Two weeks ago I undertook a performance evaluation of the two primary methods of capturing images on the Raspberry PiCamera v2. Here I wish to outline the parameters and summarize the results. The target device was the RPI0W.
Evaluation Setup
Our desired outcome was to determine image capture and save times vs. image file sizes. Along the way we learned a few other things about using the Picamera. Our investigation necessitated a 5-dimensional test matrix:
- Dim 0: Capture software (Raspistill vs. Picamera 1.13)
- Dim 1: Sensor Mode
- Dim 2: Resolution
- Dim 3: Encoding (PNG vs JPG)
- Dim 4: Downsampling to lower JPG qualities via Python Image Library (Pillow)
For our resolution list we covered standard resolutions in 4:3 and 16:9 aspect ratios from 640×480 to 3280×2464. We used this handy reference chart from wikipedia as a guide for selecting resolutions to investigate.
The resolution list was cross-referenced to the Picamera sensor mode list.
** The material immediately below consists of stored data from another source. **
(* a^star = complement monomial; V_0(m(dual C)) = V_1(C) and
   V_1(m(dual C)) = V_0(C): as sets of circles (sets of darts), these
   identifications are literal equalities in this model. *)
Definition duality (F : assignment) : Prop :=
  forall C, valid C ->
  forall a b : {set {set dart}}, a \subset startC C -> b \subset endC C ->
    F C a b = F (mirror (dualc C)) (endC C :\: b) (startC C :\: a).

(* a point P on a starting circle, in the interior of the circle segment of
   the circle dart e *)
Definition filtration (F : assignment) : Prop :=
  forall C, valid C ->
  forall (a b : {set {set dart}}) e, a \subset startC C -> b \subset endC C -> e \notin arc C ->
    startcirc C e \in a -> F C a b -> endcirc C e \in b.

Local Open Scope ring_scope.
Definition qgr0 (C : rconf) (a : {set {set dart}}) : int :=
  (#|startC C|%:Z - (2 * #|a|)%:Z).
(* shifted up by k = 2 *)
Definition qgr1 (C : rconf) (b : {set {set dart}}) : int :=
  (#|endC C|%:Z - (2 * #|b|)%:Z + 2).
Local Close Scope ring_scope.

Definition bidegree24 (F : assignment) (C : rconf) : Prop :=
  forall a b : {set {set dart}}, a \subset startC C -> b \subset endC C -> F C a b ->
    qgr1 C b = (qgr0 C a + 4)%R.

Definition nonzero_at (F : assignment) (C : rconf) : Prop :=
  exists a b : {set {set dart}}, [/\ a \subset startC C, b \subset endC C & F C a b].

Definition is_tree (C : rconf) : bool := (#|startC C| == 3) && (#|endC C| == 1).
Definition is_dual_tree (C : rconf) : bool := (#|startC C| == 1) && (#|endC C| == 3).

From mathcomp Require Import all_boot all_order all_fingroup all_algebra.
From mathcomp Require Import zify.
From Stdlib Require Import FunctionalExtensionality.
Set Implicit Arguments. Unset Strict Implicit. Unset Printing Implicit Defensive.
Lemma moran_dist_ge0 (D : state -> R) t S :
  (forall S, 0 <= D S) -> 0 <= moran_dist e f D t S.
Proof.
move=> D_ge0; elim: t S => [|t IHt] S //=.
by apply: sumr_ge0 => S' _; rewrite mulr_ge0 ?moran_P_ge0.
Qed.

Lemma moran_dist_mass (D : state -> R) t : is_distr D -> \sum_S moran_dist e f D t S = 1.
Proof.
move=> [_ D1]; rewrite -D1; elim: t => [|t IHt] //.
have mass mu : \sum_S mu S = expect mu (fun=> 1) by apply: eq_bigr => S _; rewrite mulr1.
rewrite mass /= expect_moran_step -IHt mass.
by apply: eq_bigr => S _; rewrite next_mean_cst.
Qed.

Variable alpha : T.
Hypothesis alpha_max : forall j, f j <= f alpha.

Definition deg_weight v : R := (deg v)^-1 / \sum_u (deg u)^-1.

Definition potential (S : state) : R := \sum_v (S v == alpha)%:R * deg_weight v.

Definition mixed (S : state) :=
  [exists v, S v == alpha] && [exists v, S v != alpha].

Lemma sum_inv_deg_gt0 : 0 < \sum_u (deg u)^-1.
Proof.
have [v0 _] := card_gt0P (ltnW V_gt1).
rewrite (bigD1 v0) //= ltr_wpDr ?invr_gt0 ?deg_gt0 //.
by apply: sumr_ge0 => u _; rewrite invr_ge0 ltW ?deg_gt0.
Qed.

Lemma deg_weight_gt0 v : 0 < deg_weight v.
Proof. by rewrite divr_gt0 ?invr_gt0 ?deg_gt0 ?sum_inv_deg_gt0. Qed.

Lemma sum_deg_weight : \sum_v deg_weight v = 1.
Proof. by rewrite -mulr_suml divff // gt_eqF ?sum_inv_deg_gt0. Qed.

Lemma potential_ge0 S : 0 <= potential S.
Proof. by apply: sumr_ge0 => v _; rewrite mulr_ge0 ?ler0n ?ltW ?deg_weight_gt0. Qed.

Lemma potential_ge_deg_weight (S : state) v : S v = alpha -> deg_weight v <= potential S.
Proof.
move=> Sv; rewrite /potential (bigD1 v) //= Sv eqxx mul1r lerDl.
by apply: sumr_ge0 => u _; rewrite mulr_ge0 ?ler0n ?ltW ?deg_weight_gt0.
Qed.

Lemma potential_le1 S : potential S <= 1.
Proof.
rewrite -sum_deg_weight; apply: ler_sum => v _.
by case: (S v == alpha); rewrite ?mul1r ?mul0r // ltW ?deg_weight_gt0.
Qed.

Lemma potential_upd S v w : potential (upd S v w) - potential S =
  deg_weight w * ((S v == alpha)%:R - (S w == alpha)%:R).
Proof.
rewrite /potential -sumrB (bigD1 w) //= big1 ?addr0.
  by rewrite ffunE eqxx -mulrBl mulrC.
by move=> x xw; rewrite ffunE (negbTE xw) subrr.
Qed.

Lemma potential_le_next_mean S : potential S <= next_mean potential S.
Proof.
rewrite -subr_ge0 next_meanBE.
under eq_bigr do under eq_bigr do rewrite potential_upd.
set X := (X in 0 <= X); suff : 0 <= X + X by lra.
rewrite [X in X + _]sum_edges_sym -big_split /=; apply: sumr_ge0 => v _.
rewrite -big_split /=; apply: sumr_ge0 => w _.
set a := (S v == alpha)%:R; set b := (S w == alpha)%:R.
have -> : step_rate S w * (deg_weight v * (b - a)) +
    step_rate S v * (deg_weight w * (a - b)) =
  (total_fit S)^-1 * (deg v)^-1 * (deg w)^-1 / (\sum_u (deg u)^-1) *
    ((fitness (S v) - fitness (S w)) * (a - b)).
  by rewrite /step_rate /deg_weight; ring.
apply: mulr_ge0.
  rewrite ltW // divr_gt0 ?sum_inv_deg_gt0 //.
  by rewrite !mulr_gt0 ?invr_gt0 ?total_fit_gt0 ?deg_gt0.
have fit_le j : fitness j <= fitness alpha by rewrite ler_rat.
rewrite /a /b; case: (S v =P alpha) => [->|_]; case: (S w =P alpha) => [->|_];
  by rewrite ?subrr ?mulr0 ?subr0 ?mulr1 ?sub0r ?mulrN1 ?opprB ?subr_ge0.
Qed.

Lemma sq_potential_le_next_mean S :
  potential S ^+ 2 +
    \sum_v \sum_(w | e v w) step_rate S v * (potential (upd S v w) - potential S) ^+ 2
  <= next_mean (fun S => potential S ^+ 2) S.
Proof.
rewrite addrC -lerBrDr next_meanBE.
have -> : \sum_v \sum_(w | e v w)
      step_rate S v * (potential (upd S v w) ^+ 2 - potential S ^+ 2) =
  \sum_v \sum_(w | e v w) step_rate S v * (potential (upd S v w) - potential S) ^+ 2 +
  2 * potential S * (next_mean potential S - potential S).
  rewrite next_meanBE mulr_sumr -big_split; apply: eq_bigr => v _.
  by rewrite mulr_sumr -big_split; apply: eq_bigr => w _ /=; ring.
by rewrite lerDl mulr_ge0 ?mulr_ge0 ?potential_ge0 // subr_ge0 potential_le_next_mean.
Qed.

Lemma sum_step_rate_sq_ge0 S (P : pred V) (d : V -> V -> R) :
  0 <= \sum_(v | P v) \sum_(w | e v w) step_rate S v * d v w ^+ 2.
Proof.
apply: sumr_ge0 => v _; apply: sumr_ge0 => w _.
by rewrite mulr_ge0 ?sqr_ge0 ?ltW ?step_rate_gt0.
Qed.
Each mode has a maximum resolution at a given field of view with a certain aspect ratio. The information about Picamera sensor modes is found on the Picamera 1.13 documentation website. We set up the follwoing mode resolution matrix:
- Mode 1: 640×480, 768×576, 800×600, 960×720, 1024×768, 1152×864, 1224×918, 1280×960, 1400×1050, 1440×1080, 1920×1080
- Mode 2: 640×480, 768×576, 800×600, 960×720, 1024×768, 1152×864, 1224×918, 1280×960, 1400×1050, 1440×1080, 1920×1080, 1600×1200, 2048×1536, 3280×2464
- Mode 3: skipped, identical to Mode 2
- Mode 4: 640×480, 768×576, 800×600, 960×720, 1024×768, 1152×864, 1224×918, 1280×960, 1400×1050, 1440×1080, 1600×1200, 1640×1232
- Mode 5: 640×480, 768×576, 800×600, 960×720, 1024×768, 1152×864, 1224×918, 1640×922
- Mode 6: 640×480, 768×576, 800×600, 960×720, 1280×720
- Mode 7: 640×480
Each of these images were taken with both Raspistill and Picamera v1.13 in PNG and JPG encoding. After the images were taken they were down sampled by Pillow to JPG qualities 90 to 10 in increments of 10. For the sake of comparison we also down sampled JPG images directly within Raspistill and Picamera. We evaluated about 1,000 images.
The camera was placed in an enclosed environment with a stable mount, stable lighting, and a static object for the picture. Shutter speed and exposure modes were also held static to prevent automatic exposures from arbitrarily changing processing times and image sizes.
Our script was written in Python. Of course Picamera v1.13 can be installed via PIP. A BASH command was set up and executed with the Python OS library.
Results
Raspistill vs Picamera
For all modes, resolutions, and both image encodings, Picamera v1.13 captured images in less time. For JPG images, the capture time was about 4-5 seconds less than Raspistill. For PNG images, the capture time was about 1-2 seconds less.
In most cases Raspistill file size was less than Picamera v1.13. For larger images in JPG encoding, this amounted to about 300 Kb. For smaller images the difference was much less.
Sensor Mode and Resolution
Changing the sensor mode from maximum field of view (Mode 2) while holding the resolution static shows a decrease in both capture time and file size as the field of view is decreased (Mode 2 to 4 to 5 to 6 to 1 to 7)–see modes page. This amounts to about 0.25 second difference in time and a 5 to 10 Kb difference in file size for a 640×480 image.
Holding the mode static, while decreasing resolution from the native resolution also results in lower capture times and file sizes. While this result may seem intuitive, we wished to confirm because how the camera software handles non-native resolutions is not clear.
In the process of executing our tests we learned that each mode can accept any arbitrary resolution at lower than the maximum specified for the mode–the lower the resolution the better capture time and smaller file size. We also noted that changing the resolution did not change the vertical aspect in the field of view, only the horizontal aspect was changed.
Encoding
Another expected result is that JPG images had much faster capture times and lower file sizes for all resolutions. Nothing interesting here.
Image Quality
We compared JPG image quality outputs directly from the capture software to that produced by Pillow. The capture software quality 10 was visually much better than Pillow quality 10 and produced a much bigger file size. The quality settings for both outputs were non-linear. Differences in file sizes at the bottom of the scale were much smaller than at the top of the scale. The Pillow software seemed to use a more aggressive quality down sampling algorithm; however, it did add anywhere from 0.5 to 2.5 seconds of processing time depending upon image resolution.